• _To do_
Using the material that follows, output exactly the lines from the one containing "(alpha, n) : R" through the one containing "Definition lex_wellordered (S", with both ends kept.

+ + + + +

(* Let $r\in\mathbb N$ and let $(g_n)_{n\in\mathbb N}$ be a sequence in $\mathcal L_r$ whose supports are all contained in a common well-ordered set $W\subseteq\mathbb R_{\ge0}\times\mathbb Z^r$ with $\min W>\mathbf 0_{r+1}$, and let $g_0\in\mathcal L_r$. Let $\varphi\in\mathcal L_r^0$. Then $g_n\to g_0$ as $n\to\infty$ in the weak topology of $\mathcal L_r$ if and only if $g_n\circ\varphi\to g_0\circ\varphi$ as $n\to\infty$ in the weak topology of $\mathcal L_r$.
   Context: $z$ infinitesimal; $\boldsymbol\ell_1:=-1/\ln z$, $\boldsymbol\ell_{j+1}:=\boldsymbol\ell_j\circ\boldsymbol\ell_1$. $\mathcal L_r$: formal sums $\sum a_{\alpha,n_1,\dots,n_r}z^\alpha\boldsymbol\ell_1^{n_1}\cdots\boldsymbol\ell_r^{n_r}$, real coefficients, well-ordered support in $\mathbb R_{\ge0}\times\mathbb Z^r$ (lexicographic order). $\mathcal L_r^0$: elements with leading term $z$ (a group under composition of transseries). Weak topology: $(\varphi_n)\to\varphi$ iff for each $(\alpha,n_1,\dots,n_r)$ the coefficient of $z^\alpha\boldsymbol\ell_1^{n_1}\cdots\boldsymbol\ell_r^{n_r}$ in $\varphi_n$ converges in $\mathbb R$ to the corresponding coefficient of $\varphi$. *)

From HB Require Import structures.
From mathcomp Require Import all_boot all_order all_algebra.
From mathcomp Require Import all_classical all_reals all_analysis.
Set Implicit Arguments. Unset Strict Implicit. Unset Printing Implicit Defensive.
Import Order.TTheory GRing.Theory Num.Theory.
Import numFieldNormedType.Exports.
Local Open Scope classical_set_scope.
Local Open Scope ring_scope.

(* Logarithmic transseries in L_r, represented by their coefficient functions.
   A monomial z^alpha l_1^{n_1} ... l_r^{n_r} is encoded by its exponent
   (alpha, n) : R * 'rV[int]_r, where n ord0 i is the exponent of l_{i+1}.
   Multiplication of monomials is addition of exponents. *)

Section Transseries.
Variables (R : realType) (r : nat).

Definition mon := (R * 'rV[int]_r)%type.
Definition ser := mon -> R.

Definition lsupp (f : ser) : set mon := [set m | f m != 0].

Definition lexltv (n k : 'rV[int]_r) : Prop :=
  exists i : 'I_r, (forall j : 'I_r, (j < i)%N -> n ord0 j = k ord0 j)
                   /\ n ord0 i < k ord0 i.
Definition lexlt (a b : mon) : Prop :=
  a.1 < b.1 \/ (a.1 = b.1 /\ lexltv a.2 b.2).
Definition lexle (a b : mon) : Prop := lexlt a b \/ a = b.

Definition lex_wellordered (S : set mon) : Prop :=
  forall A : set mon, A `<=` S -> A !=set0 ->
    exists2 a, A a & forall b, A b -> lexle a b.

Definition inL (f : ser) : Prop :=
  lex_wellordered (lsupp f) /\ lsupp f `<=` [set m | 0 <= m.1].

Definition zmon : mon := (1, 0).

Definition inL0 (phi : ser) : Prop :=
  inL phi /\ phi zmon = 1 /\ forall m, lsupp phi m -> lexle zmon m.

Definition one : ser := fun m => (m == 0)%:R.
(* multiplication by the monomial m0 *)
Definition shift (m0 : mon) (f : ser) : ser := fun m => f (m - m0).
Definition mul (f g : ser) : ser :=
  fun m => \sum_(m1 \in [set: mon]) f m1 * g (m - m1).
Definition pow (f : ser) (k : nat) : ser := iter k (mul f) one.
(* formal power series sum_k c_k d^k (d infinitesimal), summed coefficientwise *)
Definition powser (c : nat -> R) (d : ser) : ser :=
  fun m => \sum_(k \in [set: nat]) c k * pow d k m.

+ + + + +

• _Solution for this task_
   (alpha, n) : R * 'rV[int]_r, where n ord0 i is the exponent of l_{i+1}.
   Multiplication of monomials is addition of exponents. *)

Section Transseries.
Variables (R : realType) (r : nat).

Definition mon := (R * 'rV[int]_r)%type.
Definition ser := mon -> R.

Definition lsupp (f : ser) : set mon := [set m | f m != 0].

Definition lexltv (n k : 'rV[int]_r) : Prop :=
  exists i : 'I_r, (forall j : 'I_r, (j < i)%N -> n ord0 j = k ord0 j)
                   /\ n ord0 i < k ord0 i.
Definition lexlt (a b : mon) : Prop :=
  a.1 < b.1 \/ (a.1 = b.1 /\ lexltv a.2 b.2).
Definition lexle (a b : mon) : Prop := lexlt a b \/ a = b.

Definition lex_wellordered (S : set mon) : Prop :=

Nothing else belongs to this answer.